Virus identification method: Utilization of animals (e.g. suckling mice, especially newborn mice), a more sensitive method of CA virus isolation than cultured cells, has accounted for more than 50% of CA virus isolation reports. However, since the addition of PCR as a reporting item for virus detection in 2000, the proportion of CA detections by PCR has been increasing every year (Fig. 4). This increase stems from the fact that virus isolation involves time and labor, with fewer PHIs using suckling mice. Although pan-entero primers are utilized for detection of enteroviruses by PCR, pathogen confirmation should be performed by virus isolation, the gold standard. Recently, nucleotide sequence analysis has been increasingly used for serotyping virus isolates. However, because various difficulties with nucleic acid analysis have been identified, neutralization or complement fixation (CF) assays are the preferred methods of serotype testing, with genetic analysis used as a supplementary method at the present time (see p. 237 of this issue). In addition, enteroviruses other than CA have been reported that are difficult to identify with antiserum prepared for enterovirus identification and distributed to PHIs (see p. 238 of this issue). Cases in which viruses are difficult to isolate or identify should be referred to NIID, Department of Virology II, Laboratory II.
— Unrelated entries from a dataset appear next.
(* Let $\mathfrak g$ be of type $A_n$ and $\lambda=\sum_{i=1}^n r_i\omega_i\in P^+$. Define $\lambda^1,\lambda^2$ as follows: if all $r_i$ are even, $\lambda^1=\lambda^2=\lambda/2$... more precisely $\lambda^1=\lambda^2=\sum_i (r_i/2)\omega_i$; otherwise let $i_0<i_1<\dots<i_p$ be the indices $i$ with $r_i$ odd, $I_+=I\setminus\{i_0,\dots,i_p\}$, and set $$\lambda^1=\sum_{s=0}^p\frac{r_{i_s}+(-1)^s}{2}\,\omega_{i_s}+\sum_{i\in I_+}\frac{r_i}{2}\,\omega_i,\qquad\lambda^2=\lambda-\lambda^1.$$ Let $\boldsymbol\lambda_{\max}=(\lambda^1,\lambda^2)\in P^+(\lambda,2)$. Then either $\lambda^1=\lambda^2$ or $\lambda^2=\lambda^1-w^{-1}\omega_i$ for some $w\in W$ and $i\in I$. In either case $\boldsymbol\lambda_{\max}$ is the unique maximal element of $P^+(\lambda,2)/\!\sim$: every $\boldsymbol\mu\in P^+(\lambda,2)$ satisfies $\boldsymbol\mu\preceq\boldsymbol\lambda_{\max}$.
   Context: $\mathfrak g=\mathfrak{sl}_{n+1}$ with simple roots indexed by $I=\{1,\dots,n\}$, fundamental weights $\omega_i$, positive roots $R^+$, coroots $h_\alpha$, Weyl group $W$, dominant integral weights $P^+$. $P^+(\lambda,2)=\{(\lambda_1,\lambda_2)\in(P^+)^2:\lambda_1+\lambda_2=\lambda\}$; $(\lambda_1,\lambda_2)\preceq(\mu_1,\mu_2)$ means $\min\{\lambda_1(h_\alpha),\lambda_2(h_\alpha)\}\le\min\{\mu_1(h_\alpha),\mu_2(h_\alpha)\}$ for all $\alpha\in R^+$; $\sim$ means equality of these minima for all $\alpha$. *)

(* Type A_n, g = sl_{n+1}, simple roots indexed by 'I_n
   (index k : 'I_n stands for the paper's index k+1). *)
From HB Require Import structures.
From mathcomp Require Import all_boot all_order all_algebra.
Set Implicit Arguments. Unset Strict Implicit. Unset Printing Implicit Defensive.
Import Order.TTheory GRing.Theory Num.Theory.
Local Open Scope ring_scope.

(* Integral weights, in coordinates w.r.t. the fundamental weights:
   mu = \sum_k mu k * omega_k. *)
Definition weight (n : nat) := {ffun 'I_n -> int}.

Definition omega n (i : 'I_n) : weight n := [ffun k => ((k == i) : nat)%:Z].

Definition dominant n (mu : weight n) : bool := [forall k, 0 <= mu k].

Definition addw n (a b : weight n) : weight n := [ffun k => a k + b k].
Definition subw n (a b : weight n) : weight n := [ffun k => a k - b k].

(* Simple root alpha_j in fundamental-weight coordinates (column j of the
   Cartan matrix of A_n): 2 omega_j - omega_{j-1} - omega_{j+1}. *)
Definition alpha n (j : 'I_n) : weight n :=
  [ffun k => if k == j then 2%:Z
             else if (k.+1 == j :> nat) || (j.+1 == k :> nat) then -1 else 0].

(* Simple reflection s_j mu = mu - mu(h_j) alpha_j ; mu(h_j) = mu j. *)
Definition sref n (j : 'I_n) (mu : weight n) : weight n :=
  [ffun k => mu k - mu j * alpha j k].

(* An element w of the Weyl group W is a word [:: j1; ...; jm] in the simple
   reflections, w = s_{j1} ... s_{jm}; its action on weights: *)
Definition weyl_act n (w : seq 'I_n) (mu : weight n) : weight n :=
  foldr (@sref n) mu w.
Definition weyl_act_inv n (w : seq 'I_n) (mu : weight n) : weight n :=
  weyl_act (rev w) mu.

(* Positive roots of A_n: alpha_{i,j} = alpha_i + ... + alpha_j, i <= j, with
   coroot h_{alpha_{i,j}} = h_i + ... + h_j, so mu(h_alpha) = sum_{i<=k<=j} mu k. *)
Definition hpair n (mu : weight n) (i j : 'I_n) : int :=
  \sum_(k < n | (i <= k <= j)%N) mu k.

Definition inP2 n (lam : weight n) (p : weight n * weight n) : bool :=
  [&& dominant p.1, dominant p.2 & addw p.1 p.2 == lam].

Definition preceq n (l m : weight n * weight n) : Prop :=
  forall i j : 'I_n, (i <= j)%N ->
    Num.min (hpair l.1 i j) (hpair l.2 i j) <= Num.min (hpair m.1 i j) (hpair m.2 i j).

Definition lam_of n (r : 'I_n -> nat) : weight n := [ffun k => (r k)%:Z].

(* For i with r_i odd, its position s in the increasing list i_0 < ... < i_p
   of odd indices = number of odd indices below i. *)
Definition odd_rank n (r : 'I_n -> nat) (i : 'I_n) : nat :=
  #|[set k : 'I_n | odd (r k) & (k < i)%N]|.

(* lambda^1: (r_{i_s} + (-1)^s)/2 on odd indices, r_i/2 on the others
   (this also covers the case where all r_i are even). *)
Definition lam1 n (r : 'I_n -> nat) : weight n :=
  [ffun i => if odd (r i) then (((r i)%:Z + (-1) ^+ odd_rank r i) %/ 2)%Z
             else ((r i)%:Z %/ 2)%Z].

Definition lam2 n (r : 'I_n -> nat) : weight n := subw (lam_of r) (lam1 r).

From HB Require Import structures.
From mathcomp Require Import all_boot all_order all_algebra zify ring.
Set Implicit Arguments. Unset Strict Implicit. Unset Printing Implicit Defensive.
Import Order.TTheory GRing.Theory Num.Theory.
Local Open Scope ring_scope.

(* Everything is read through partial sums: for a weight d let
   psum d m = d_0 + ... + d_(m-1), so that d(h_alpha) for the positive root
   alpha = alpha_i + ... + alpha_j is psum d (j+1) - psum d i.

   1. The difference D = lam1 - lam2 has coordinates
      D_k = [r_k odd] (-1)^(number of odd r below k), so its partial sums
      psum D m = [the number of odd r_k with k < m is odd] lie in {0,1}.
   2. Weights whose partial sums all lie in {0,1} ("binary" weights) are,
      when nonzero, W-conjugates of a fundamental weight: a coordinate -1 can
      be flipped to +1 by the simple reflection at that index, which keeps the
      weight binary and strictly decreases a nonnegative potential; a binary
      weight without coordinate -1 is some omega_i.  This gives the
      dichotomy lam1 = lam2 or lam2 = lam1 - w^-1 omega_i.
   3. Consequently |lam1(h_alpha) - lam2(h_alpha)| <= 1 for every positive
      root, i.e. the pair (lam1, lam2) splits lambda(h_alpha) as evenly as
      possible, and an elementary inequality on integers shows that the
      minimum of any other splitting is not larger: this is maximality. *)

Section PartialSums.
Variable n : nat.
Implicit Types (d a b : weight n).

Definition psum d (m : nat) : int := \sum_(k < n | (k < m)%N) d k.

Lemma psum0 d : psum d 0 = 0.
Proof. by apply: big1 => k; rewrite ltn0. Qed.

Lemma psumS d (k : 'I_n) : psum d k.+1 = psum d k + d k.
Proof.
rewrite /psum (bigD1 k) ?ltnSn //= addrC; congr (_ + _).
by apply: eq_bigl => i; rewrite ltnS ltn_neqAle andbC.
Qed.

Lemma psum_homo d : (forall k, 0 <= d k) ->
  {homo psum d : p q / (p <= q)%N >-> p <= q}.
Proof.
move=> d_ge0 p q le_pq.
rewrite /psum [X in _ <= X](bigID (fun k : 'I_n => (k < p)%N)) /=.
have -> : \sum_(k < n | (k < q)%N && (k < p)%N) d k = psum d p.
  by apply: eq_bigl => k; apply/idP/idP; lia.
by rewrite lerDl sumr_ge0.
Qed.

Lemma hpair_psum d (i j : 'I_n) : (i <= j)%N ->
  hpair d i j = psum d j.+1 - psum d i.
Proof.
move=> le_ij; rewrite /psum (bigID (fun k : 'I_n => (k < i)%N)) /=.
have -> : \sum_(k < n | (k < j.+1)%N && (k < i)%N) d k = psum d i.
  by apply: eq_bigl => k; apply/idP/idP; lia.
by rewrite addrC addrK /hpair; apply: eq_bigl => k; apply/idP/idP; lia.
Qed.

Lemma hpairB a b (i j : 'I_n) : hpair (subw a b) i j = hpair a i j - hpair b i j.
Proof. by rewrite /hpair -sumrB; apply: eq_bigr => k _; rewrite ffunE. Qed.

Lemma hpairD a b (i j : 'I_n) : hpair (addw a b) i j = hpair a i j + hpair b i j.
Proof. by rewrite /hpair -big_split; apply: eq_bigr => k _; rewrite ffunE. Qed.

Lemma psum_alpha (j : 'I_n) m : (0 < j)%N -> (m <= n)%N ->
  psum (alpha j) m = (m == j.+1)%:Z - (m == j)%:Z.
Proof.
move=> j_gt0; elim: m => [|m IH] m_le; first by rewrite psum0; lia.
rewrite (psumS _ (Ordinal m_le)) IH ?(ltnW m_le) // ffunE -val_eqE /=.
by repeat case: ifP; lia.
Qed.

Lemma psum_sref (j : 'I_n) d m : psum (sref j d) m = psum d m - d j * psum (alpha j) m.
Proof. by rewrite /psum mulr_sumr -sumrB; apply: eq_bigr => k _; rewrite ffunE. Qed.

Lemma sref_involutive (j : 'I_n) : involutive (@sref n j).
Proof. by move=> d; apply/ffunP => k; rewrite /sref /alpha !ffunE eqxx; ring. Qed.

Definition binary_psums d : Prop := forall m, (m <= n)%N -> 0 <= psum d m <= 1.

(* A potential which the reflections used below decrease by one. *)
Definition potential d : int := \sum_(m < n.+1) (n - m)%:Z * psum d m.

Lemma potential_ge0 d : binary_psums d -> 0 <= potential d.
Proof.
move=> d_bin; apply: sumr_ge0 => m _; apply: mulr_ge0 => //.
by case/andP: (d_bin m (ltn_ord m)).
Qed.

Lemma weighted_indicator (k : nat) : (k <= n)%N ->
  \sum_(m < n.+1) (n - m)%:Z * (m == k :> nat)%:Z = (n - k)%:Z.
Proof.
move=> le_kn; rewrite (bigD1 (Ordinal (le_kn : (k < n.+1)%N))) //= eqxx mulr1.
rewrite big1 ?addr0 // => m ne_mk.
rewrite (_ : (m == k :> nat) = false) ?mulr0 //.
by apply: contraNF ne_mk => mk; apply/eqP/val_inj/eqP.
Qed.

(* Reflecting a binary weight at a coordinate equal to -1 swaps the partial
   sums at j and j+1 (which are 1 and 0): the result is again binary, has
   coordinate +1 at j, and its potential has dropped by one. *)
Lemma sref_neg_coord d (j : 'I_n) : binary_psums d -> d j = -1 ->
  [/\ binary_psums (sref j d), potential (sref j d) = potential d - 1
    & sref j d j = 1].
Proof.
move=> d_bin dj.
have psum_j : psum d j = 1 /\ psum d j.+1 = 0.
  have := d_bin _ (ltnW (ltn_ord j)); have := d_bin _ (ltn_ord j).
  by rewrite psumS dj; lia.
have j_gt0 : (0 < j)%N.
  by case: psum_j => + _; case: (posnP j) => // ->; rewrite psum0.
have psum_swap m : (m <= n)%N ->
    psum (sref j d) m = psum d m + ((m == j.+1)%:Z - (m == j)%:Z).
  by move=> le_mn; rewrite psum_sref dj psum_alpha //; ring.
split.
- move=> m le_mn; rewrite psum_swap //; have := d_bin m le_mn.
  by case: psum_j; repeat case: eqP => [->|]; lia.
- rewrite /potential.
  under eq_bigr => m _ do rewrite (psum_swap _ (ltn_ord m)) mulrDr mulrBr.
  rewrite big_split sumrB /= (@weighted_indicator j.+1 (ltn_ord j)).
  rewrite (@weighted_indicator j (ltnW (ltn_ord j))); congr (_ + _).
  by have := ltn_ord j; lia.
- by rewrite /sref ffunE /alpha ffunE eqxx dj; ring.
Qed.

(* A nonzero binary weight without coordinate -1 is a fundamental weight:
   its partial sums are 0 up to some k and 1 afterwards. *)
Lemma binary_psums_omega d (k : 'I_n) : binary_psums d ->
  (forall j, d j != -1) -> d k != 0 -> d = omega k.
Proof.
move=> d_bin d_neq dk.
have coord j : d j = psum d j.+1 - psum d j by rewrite psumS; ring.
have bounds j := (d_bin _ (ltnW (ltn_ord j)), d_bin _ (ltn_ord j)).
have d_ge0 j : 0 <= d j.
  by have [] := bounds j; have := d_neq j; rewrite coord => /eqP; lia.
have mono := psum_homo d_ge0.
have psum_k : psum d k = 0 /\ psum d k.+1 = 1.
  by have [] := bounds k; have := d_ge0 k; move: dk; rewrite coord => /eqP; lia.
apply/ffunP => m; rewrite ffunE -val_eqE /= coord.
have [] := bounds m; case: (ltngtP m k) => [lt_mk|lt_km|/val_inj->]; last by lia.
- by have := mono _ _ lt_mk; have := mono _ _ (leqnSn m); lia.
- by have := mono _ _ lt_km; have := mono _ _ (leqnSn m); lia.
Qed.

Lemma binary_psums_orbit d : binary_psums d -> (exists k, d k != 0) ->
  exists u i, weyl_act u (omega i) = d.
Proof.
move=> d_bin d_nz; have [N] := ubnP (absz (potential d)).
elim: N d d_bin d_nz => // N IH d d_bin [k dk] lt_pot.
case: (pickP (fun j => d j == -1)) => [j /eqP dj | d_neq]; last first.
  by exists [::], k; rewrite (binary_psums_omega d_bin _ dk) // => j; rewrite d_neq.
have [sd_bin sd_pot sdj] := sref_neg_coord d_bin dj.
have [u [i sd_orbit]] : exists u i, weyl_act u (omega i) = sref j d.
  apply: IH => //; first by exists j; rewrite sdj.
  by have := potential_ge0 d_bin; have := potential_ge0 sd_bin; lia.
by exists (j :: u), i; rewrite /= sd_orbit sref_involutive.
Qed.

End PartialSums.

Section LambdaMax.
Variables (n : nat) (r : 'I_n -> nat).

Definition odd_count (m : nat) : nat := #|[set k : 'I_n | odd (r k) & (k < m)%N]|.

Lemma odd_countS (k : 'I_n) : odd_count k.+1 = (odd_count k + odd (r k))%N.
Proof.
rewrite /odd_count; case r_odd: (odd (r k)); last first.
  by rewrite addn0; apply: eq_card => x; rewrite !inE ltnS leq_eqVlt val_eqE;
     case: eqVneq => [->|]; rewrite ?r_odd.
have -> : [set x : 'I_n | odd (r x) & (x < k.+1)%N] =
          k |: [set x : 'I_n | odd (r x) & (x < k)%N].
  by apply/setP => x; rewrite !inE ltnS leq_eqVlt val_eqE; case: eqVneq => [->|]; rewrite ?r_odd.
by rewrite cardsU1 inE ltnn andbF addnC.
Qed.

(* Doubling removes the integer division in the definition of lam1:
   2 lam1_k = r_k + (-1)^(odd_count k) when r_k is odd, r_k otherwise. *)
Lemma lam1_double k :
  2 * lam1 r k = (r k)%:Z + (odd (r k))%:Z * (-1) ^+ odd_count k.
Proof.
rewrite ffunE -signr_odd -/(odd_rank r k); have := odd_double_half (r k).
by case: (odd (r k)); case: (odd (odd_rank r k)); rewrite /= ?expr0 ?expr1; lia.
Qed.

Lemma lam2E k : lam2 r k = (r k)%:Z - lam1 r k.
Proof. by rewrite !ffunE. Qed.

(* The difference lam1 - lam2; its nonzero coordinates alternate in sign. *)
Definition lam_diff : weight n := subw (lam1 r) (lam2 r).

Lemma lam_diffE k : lam_diff k = (odd (r k))%:Z * (-1) ^+ odd_count k.
Proof. by have := lam1_double k; rewrite [lam_diff k]ffunE lam2E; lia. Qed.

Lemma psum_lam_diff m : (m <= n)%N -> psum lam_diff m = (odd (odd_count m))%:Z.
Proof.
elim: m => [|m IH] le_mn.
  rewrite psum0 /odd_count (_ : #|_| = 0%N) //.
  by apply: eq_card0 => x; rewrite inE ltn0 andbF.
rewrite (psumS _ (Ordinal le_mn)) IH ?(ltnW le_mn) // lam_diffE.
rewrite -[m.+1]/(Ordinal le_mn).+1 odd_countS -signr_odd /= oddD.
by case: (odd (r _)); case: (odd (odd_count m)); rewrite /= ?expr0 ?expr1; lia.
Qed.

Lemma lam_diff_binary : binary_psums lam_diff.
Proof. by move=> m le_mn; rewrite psum_lam_diff //; case: (odd _). Qed.

Lemma lam_diff_hpair (i j : 'I_n) : (i <= j)%N -> -1 <= hpair lam_diff i j <= 1.
Proof.
move=> le_ij; rewrite hpair_psum // !psum_lam_diff ?(ltnW (ltn_ord i)) //.
by case: (odd _); case: (odd _).
Qed.

(* Both halves are dominant: an odd r_k is at least 1. *)
Lemma lam12_ge0 k : 0 <= lam1 r k /\ 0 <= lam2 r k.
Proof.
have := lam1_double k; rewrite lam2E -signr_odd.
case r_odd: (odd (r k)); last by rewrite mul0r addr0; lia.
by have := odd_gt0 r_odd; case: (odd _); rewrite /= ?expr0 ?expr1; lia.
Qed.

Lemma lam_max_dichotomy :
  lam1 r = lam2 r \/
  exists (w : seq 'I_n) (i : 'I_n), lam2 r = subw (lam1 r) (weyl_act_inv w (omega i)).
Proof.
case: (pickP (fun k => lam_diff k != 0)) => [k dk | d_zero]; [right | left].
  have [u [i orbit]] := binary_psums_orbit lam_diff_binary (ex_intro _ k dk).
  exists (rev u), i; rewrite /weyl_act_inv revK orbit.
  by apply/ffunP => x; rewrite !ffunE; ring.
apply/ffunP => k; apply/eqP; rewrite -subr_eq0.
by have := d_zero k; rewrite ffunE => /negbFE.
Qed.

Lemma lam_max_inP2 : inP2 (lam_of r) (lam1 r, lam2 r).
Proof.
apply/and3P; split; try by apply/forallP => k; case: (lam12_ge0 k).
by apply/eqP/ffunP => k; rewrite !ffunE; ring.
Qed.

End LambdaMax.

Lemma min_balanced_split (a b c e : int) :
  c + e = a + b -> -1 <= a - b <= 1 -> Num.min c e <= Num.min a b.
Proof. by move=> sum_eq diff_le; rewrite le_min !ge_min; apply/andP; split; apply/orP; lia. Qed.

Theorem proposition5p3 (n : nat) (hn : (0 < n)%N) (r : 'I_n -> nat) :
  (lam1 r = lam2 r \/
   exists (w : seq 'I_n) (i : 'I_n),
     lam2 r = subw (lam1 r) (weyl_act_inv w (omega i))) /\
  inP2 (lam_of r) (lam1 r, lam2 r) /\
  (forall mu : weight n * weight n, inP2 (lam_of r) mu ->
     preceq mu (lam1 r, lam2 r)).
Proof.
split; first exact: lam_max_dichotomy.
split; first exact: lam_max_inP2.
move=> [mu1 mu2] /and3P [_ _ /eqP mu_sum] i j le_ij /=.
apply: min_balanced_split; last by rewrite -hpairB; exact: lam_diff_hpair.
have /and3P [_ _ /eqP lam_sum] := lam_max_inP2 r.
by rewrite -!hpairD mu_sum -lam_sum.
Qed.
Trend in 2005: Weekly reports of herpangina exceeded 1.0 per sentinel in week 23 (June 6-12) as seen every year, and peaked at 6.0 per sentinel in week 28 (July 18-24), equivalent to the peak in 2000 and the second highest figure next to 2001. As of week 35 (August 29-September 4), 1.02 cases per sentinel were reported (Fig. 2). Most of the viruses detected were CA6 (148 cases), followed by CA10 (20 cases) (Table 1, as of September 9). Although there were few reports of CA6 in the summer of 2004, CA6 detections were reported in the winter (Fig. 5) and subsequently increased after week 11 of 2005 (March 14-20), not only from cases of herpangina but also from those with HFMD, upper respiratory inflammation, and fever (see p. 238 of this issue and IASR 26:178 & 222, 2005). The number of reports of CA6 isolation from 26 PHIs in 2005 has already surpassed figures from each of the years during 2000-2004.